Lemma sum_chain_of_walk (M : zmodType) (g : E -> M) (p : seq W) :
  \sum_e g e *~ chain_of_walk p e = \sum_(w <- p) wval g w.
Proof.
elim: p => [|w p IHp]; first by rewrite big_nil big1.
under eq_bigr do rewrite chain_of_walk_cons mulrzDr.
rewrite big_split /= IHp big_cons addrC; congr (_ + _).
case: w => [[e0 b]|x] /=; last by rewrite big1 // => e _; rewrite subrr mulr0z.
rewrite (bigD1 e0) //= big1 ?addr0 => [|e /negPf e0e]; last first.
  have [-> ->] : (inl (e0, b) == inl (e, true) :> W) = false
                 /\ (inl (e0, b) == inl (e, false) :> W) = false.
    by split; apply/negbTE/eqP => -[/eqP]; rewrite eq_sym e0e.
  by rewrite subrr mulr0z.
have ne_orient : (inl (e0, true) == inl (e0, false) :> W) = false.
  by apply/negbTE/eqP => -[].
by case: b; rewrite !eqxx /= ?ne_orient 1?eq_sym ?ne_orient /=
  ?subr0 ?sub0r ?mulrN1z.
Qed.

Lemma chain_flux_walk (al : E -> R) (p : seq W) :
  chain_flux al (chain_of_walk p) = \sum_(w <- p) wval al w.
Proof.
by rewrite -sum_chain_of_walk; apply: eq_bigr => e _; rewrite mulrzl.
Qed.

Lemma chain_index_walk (p : seq W) i :
  chain_index tau (chain_of_walk p) i = walk_tau tau p i.
Proof.
transitivity (\sum_e tau e i *~ chain_of_walk p e).
  by apply: eq_bigr => e _; rewrite mulrzz mulrC.
by rewrite sum_chain_of_walk; apply: eq_bigr => -[[e []]|x].
Qed.

Lemma closed_walk_is_cycle (p : seq W) :
  closed_walk src tgt p -> is_cycle src tgt (chain_of_walk p).
Proof.
move=> p_closed v.
transitivity (\sum_e ((tgt e == v)%:Z - (src e == v)%:Z) *~ chain_of_walk p e).
  by apply: eq_bigr => e _; rewrite mulrzz mulrC.
rewrite sum_chain_of_walk.
transitivity (\sum_(w <- p) ((wtgt w == v)%:Z - (wsrc w == v)%:Z)).
  by apply: eq_bigr => -[[e []]|x] _ //=; rewrite ?opprB ?subrr.
rewrite sumrB -(big_map wtgt xpredT (fun x => (x == v)%:Z)).
rewrite (cycle_map_tgt p_closed) big_map (perm_big p) ?subrr //.
by rewrite perm_rot.
Qed.

Lemma dotZR_walk_tau (p : seq W) (k : 'I_d -> R) :
  dotZR (walk_tau tau p) k = \sum_(w <- p) dotZR (wtau tau w) k.
Proof.
rewrite /dotZR exchange_big /=; apply: eq_bigr => i _.
rewrite /walk_tau (big_morph _ (@intrD R) (mulr0z 1)) mulr_suml.
by apply: eq_bigr.
Qed.

Lemma sum_wphase (al : E -> R) (k : 'I_d -> R) (p : seq W) :
  \sum_(w <- p) wphase tau al k w
  = chain_flux al (chain_of_walk p) + dotZR (walk_tau tau p) k.
Proof.
rewrite chain_flux_walk dotZR_walk_tau -big_split.
apply: eq_bigr => -[a|x] _ //=.
by rewrite /dotZR big1 ?addr0 // => i _; rewrite mul0r.
Qed.

End WalkChains.

Section ChainLinearity.
Variables (R : realType) (d : nat) (E : finType) (tau : E -> 'I_d -> int).

Lemma chain_flux_lincomb p (c : 'I_p -> int) (g : 'I_p -> E -> int)
    (al : E -> R) :
  chain_flux al (fun e => \sum_j c j * g j e)
  = \sum_j (c j)%:~R * chain_flux al (g j).
Proof.
rewrite /chain_flux; under eq_bigr do rewrite rmorph_sum mulr_suml.
rewrite exchange_big; apply: eq_bigr => j _ /=; rewrite mulr_sumr.
by apply: eq_bigr => e _; rewrite intrM mulrA.
Qed.

Lemma chain_index_lincomb p (c : 'I_p -> int) (g : 'I_p -> E -> int) i :
  chain_index tau (fun e => \sum_j c j * g j e) i
  = \sum_j c j * chain_index tau (g j) i.
Proof.
rewrite /chain_index; under eq_bigr do rewrite mulr_suml.
rewrite exchange_big; apply: eq_bigr => j _ /=; rewrite mulr_sumr.
by apply: eq_bigr => e _; rewrite mulrA.
Qed.

Lemma chain_fluxB (a1 a2 : E -> R) f :
  chain_flux (fun e => a1 e - a2 e) f = chain_flux a1 f - chain_flux a2 f.
Proof.
by rewrite /chain_flux -sumrB; apply: eq_bigr => e _; rewrite mulrBr.
Qed.

End ChainLinearity.

Section CycleBasis.
Variables (R : realType) (d : nat) (Vt E : finType) (src tgt : E -> Vt)
  (tau : E -> 'I_d -> int) (r : nat) (bt : 'I_d -> E -> int)
  (b0 : 'I_r -> E -> int).
Hypotheses (basis_bt_b0 : cycle_basis src tgt bt b0)
  (std_bt : std_index tau bt) (basis_b0 : zero_index_basis src tgt tau b0).

Local Notation W := (Wt Vt E).
Local Notation comb := (comb bt b0).
Local Notation coords := (coords bt b0).

Lemma coordsP f : is_cycle src tgt f ->
  forall e, f e = comb (coords f).1 (coords f).2 e.
Proof.
move=> f_cycle.
apply: (epsilon_spec _ (fun p => forall e, f e = comb p.1 p.2 e)).
have [_ _ span _] := basis_bt_b0; have [nt [n0 f_eq]] := span f f_cycle.
by exists (nt, n0).
Qed.

Lemma chain_index_comb nt n0 i : chain_index tau (comb nt n0) i = nt i.
Proof.
have [b0_zero _ _] := basis_b0.
rewrite /chain_index /comb; under eq_bigr do rewrite mulrDl.
rewrite big_split /= -!/(chain_index tau _ i) !chain_index_lincomb.
rewrite [X in _ + X]big1 ?addr0 => [|j _]; last first.
  by rewrite (proj2 (b0_zero j)) mulr0.
rewrite (bigD1 i) //= big1 ?addr0 => [|i' /negPf i'i]; last first.
  by rewrite std_bt i'i mulr0.
by rewrite std_bt eqxx mulr1.
Qed.

Lemma chain_flux_comb (al : E -> R) nt n0 :
  chain_flux al (comb nt n0)
  = \sum_i (nt i)%:~R * chain_flux al (bt i)
    + \sum_j (n0 j)%:~R * chain_flux al (b0 j).
Proof.
rewrite -!chain_flux_lincomb /chain_flux -big_split /=.
by apply: eq_bigr => e _; rewrite /comb intrD mulrDl.
Qed.

Lemma chain_flux_projP (al : E -> R) f :
  chain_flux al (projP bt b0 f)
  = \sum_j ((coords f).2 j)%:~R * chain_flux al (b0 j).
Proof. exact: chain_flux_lincomb. Qed.

Lemma chain_flux_closed_walk (al : E -> R) (p : seq W) :
  closed_walk src tgt p ->
  chain_flux al (chain_of_walk p)
  = \sum_i (walk_tau tau p i)%:~R * chain_flux al (bt i)
    + chain_flux al (projP bt b0 (chain_of_walk p)).
Proof.
move=> /closed_walk_is_cycle /coordsP p_comb.
have coords_tau i : (coords (chain_of_walk p)).1 i = walk_tau tau p i.
  rewrite -chain_index_walk -(chain_index_comb _ (coords (chain_of_walk p)).2).
  by apply: eq_bigr => e _; rewrite -p_comb.
rewrite chain_flux_projP; under eq_bigr => i _ do rewrite -coords_tau.
by rewrite -chain_flux_comb; apply: eq_bigr => e _; rewrite -p_comb.
Qed.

--- --- ---

• **WHAT THE TASK REQUIRES**
The data should be copied out in full, exactly as it reads.

• **TASK OUTPUT**
Lemma sum_chain_of_walk (M : zmodType) (g : E -> M) (p : seq W) :
  \sum_e g e *~ chain_of_walk p e = \sum_(w <- p) wval g w.
Proof.
elim: p => [|w p IHp]; first by rewrite big_nil big1.
under eq_bigr do rewrite chain_of_walk_cons mulrzDr.
rewrite big_split /= IHp big_cons addrC; congr (_ + _).
case: w => [[e0 b]|x] /=; last by rewrite big1 // => e _; rewrite subrr mulr0z.
rewrite (bigD1 e0) //= big1 ?addr0 => [|e /negPf e0e]; last first.
  have [-> ->] : (inl (e0, b) == inl (e, true) :> W) = false
                 /\ (inl (e0, b) == inl (e, false) :> W) = false.
    by split; apply/negbTE/eqP => -[/eqP]; rewrite eq_sym e0e.
  by rewrite subrr mulr0z.
have ne_orient : (inl (e0, true) == inl (e0, false) :> W) = false.
  by apply/negbTE/eqP => -[].
by case: b; rewrite !eqxx /= ?ne_orient 1?eq_sym ?ne_orient /=
  ?subr0 ?sub0r ?mulrN1z.
Qed.

Lemma chain_flux_walk (al : E -> R) (p : seq W) :
  chain_flux al (chain_of_walk p) = \sum_(w <- p) wval al w.
Proof.
by rewrite -sum_chain_of_walk; apply: eq_bigr => e _; rewrite mulrzl.
Qed.

Lemma chain_index_walk (p : seq W) i :
  chain_index tau (chain_of_walk p) i = walk_tau tau p i.
Proof.
transitivity (\sum_e tau e i *~ chain_of_walk p e).
  by apply: eq_bigr => e _; rewrite mulrzz mulrC.
by rewrite sum_chain_of_walk; apply: eq_bigr => -[[e []]|x].
Qed.

Lemma closed_walk_is_cycle (p : seq W) :
  closed_walk src tgt p -> is_cycle src tgt (chain_of_walk p).
Proof.
move=> p_closed v.
transitivity (\sum_e ((tgt e == v)%:Z - (src e == v)%:Z) *~ chain_of_walk p e).
  by apply: eq_bigr => e _; rewrite mulrzz mulrC.
rewrite sum_chain_of_walk.
transitivity (\sum_(w <- p) ((wtgt w == v)%:Z - (wsrc w == v)%:Z)).
  by apply: eq_bigr => -[[e []]|x] _ //=; rewrite ?opprB ?subrr.
rewrite sumrB -(big_map wtgt xpredT (fun x => (x == v)%:Z)).
rewrite (cycle_map_tgt p_closed) big_map (perm_big p) ?subrr //.
by rewrite perm_rot.
Qed.

Lemma dotZR_walk_tau (p : seq W) (k : 'I_d -> R) :
  dotZR (walk_tau tau p) k = \sum_(w <- p) dotZR (wtau tau w) k.
Proof.
rewrite /dotZR exchange_big /=; apply: eq_bigr => i _.
rewrite /walk_tau (big_morph _ (@intrD R) (mulr0z 1)) mulr_suml.
by apply: eq_bigr.
Qed.

Lemma sum_wphase (al : E -> R) (k : 'I_d -> R) (p : seq W) :
  \sum_(w <- p) wphase tau al k w
  = chain_flux al (chain_of_walk p) + dotZR (walk_tau tau p) k.
Proof.
rewrite chain_flux_walk dotZR_walk_tau -big_split.
apply: eq_bigr => -[a|x] _ //=.
by rewrite /dotZR big1 ?addr0 // => i _; rewrite mul0r.
Qed.

End WalkChains.

Section ChainLinearity.
Variables (R : realType) (d : nat) (E : finType) (tau : E -> 'I_d -> int).

Lemma chain_flux_lincomb p (c : 'I_p -> int) (g : 'I_p -> E -> int)
    (al : E -> R) :
  chain_flux al (fun e => \sum_j c j * g j e)
  = \sum_j (c j)%:~R * chain_flux al (g j).
Proof.
rewrite /chain_flux; under eq_bigr do rewrite rmorph_sum mulr_suml.
rewrite exchange_big; apply: eq_bigr => j _ /=; rewrite mulr_sumr.
by apply: eq_bigr => e _; rewrite intrM mulrA.
Qed.

Lemma chain_index_lincomb p (c : 'I_p -> int) (g : 'I_p -> E -> int) i :
  chain_index tau (fun e => \sum_j c j * g j e) i
  = \sum_j c j * chain_index tau (g j) i.
Proof.
rewrite /chain_index; under eq_bigr do rewrite mulr_suml.
rewrite exchange_big; apply: eq_bigr => j _ /=; rewrite mulr_sumr.
by apply: eq_bigr => e _; rewrite mulrA.
Qed.

Lemma chain_fluxB (a1 a2 : E -> R) f :
  chain_flux (fun e => a1 e - a2 e) f = chain_flux a1 f - chain_flux a2 f.
Proof.
by rewrite /chain_flux -sumrB; apply: eq_bigr => e _; rewrite mulrBr.
Qed.

End ChainLinearity.

Section CycleBasis.
Variables (R : realType) (d : nat) (Vt E : finType) (src tgt : E -> Vt)
  (tau : E -> 'I_d -> int) (r : nat) (bt : 'I_d -> E -> int)
  (b0 : 'I_r -> E -> int).
Hypotheses (basis_bt_b0 : cycle_basis src tgt bt b0)
  (std_bt : std_index tau bt) (basis_b0 : zero_index_basis src tgt tau b0).

Local Notation W := (Wt Vt E).
Local Notation comb := (comb bt b0).
Local Notation coords := (coords bt b0).

Lemma coordsP f : is_cycle src tgt f ->
  forall e, f e = comb (coords f).1 (coords f).2 e.
Proof.
move=> f_cycle.
apply: (epsilon_spec _ (fun p => forall e, f e = comb p.1 p.2 e)).
have [_ _ span _] := basis_bt_b0; have [nt [n0 f_eq]] := span f f_cycle.
by exists (nt, n0).
Qed.

Lemma chain_index_comb nt n0 i : chain_index tau (comb nt n0) i = nt i.
Proof.
have [b0_zero _ _] := basis_b0.
rewrite /chain_index /comb; under eq_bigr do rewrite mulrDl.
rewrite big_split /= -!/(chain_index tau _ i) !chain_index_lincomb.
rewrite [X in _ + X]big1 ?addr0 => [|j _]; last first.
  by rewrite (proj2 (b0_zero j)) mulr0.
rewrite (bigD1 i) //= big1 ?addr0 => [|i' /negPf i'i]; last first.
  by rewrite std_bt i'i mulr0.
by rewrite std_bt eqxx mulr1.
Qed.

Lemma chain_flux_comb (al : E -> R) nt n0 :
  chain_flux al (comb nt n0)
  = \sum_i (nt i)%:~R * chain_flux al (bt i)
    + \sum_j (n0 j)%:~R * chain_flux al (b0 j).
Proof.
rewrite -!chain_flux_lincomb /chain_flux -big_split /=.
by apply: eq_bigr => e _; rewrite /comb intrD mulrDl.
Qed.

Lemma chain_flux_projP (al : E -> R) f :
  chain_flux al (projP bt b0 f)
  = \sum_j ((coords f).2 j)%:~R * chain_flux al (b0 j).
Proof. exact: chain_flux_lincomb. Qed.

Lemma chain_flux_closed_walk (al : E -> R) (p : seq W) :
  closed_walk src tgt p ->
  chain_flux al (chain_of_walk p)
  = \sum_i (walk_tau tau p i)%:~R * chain_flux al (bt i)
    + chain_flux al (projP bt b0 (chain_of_walk p)).
Proof.
move=> /closed_walk_is_cycle /coordsP p_comb.
have coords_tau i : (coords (chain_of_walk p)).1 i = walk_tau tau p i.
  rewrite -chain_index_walk -(chain_index_comb _ (coords (chain_of_walk p)).2).
  by apply: eq_bigr => e _; rewrite -p_comb.
rewrite chain_flux_projP; under eq_bigr => i _ do rewrite -coords_tau.
by rewrite -chain_flux_comb; apply: eq_bigr => e _; rewrite -p_comb.
Qed.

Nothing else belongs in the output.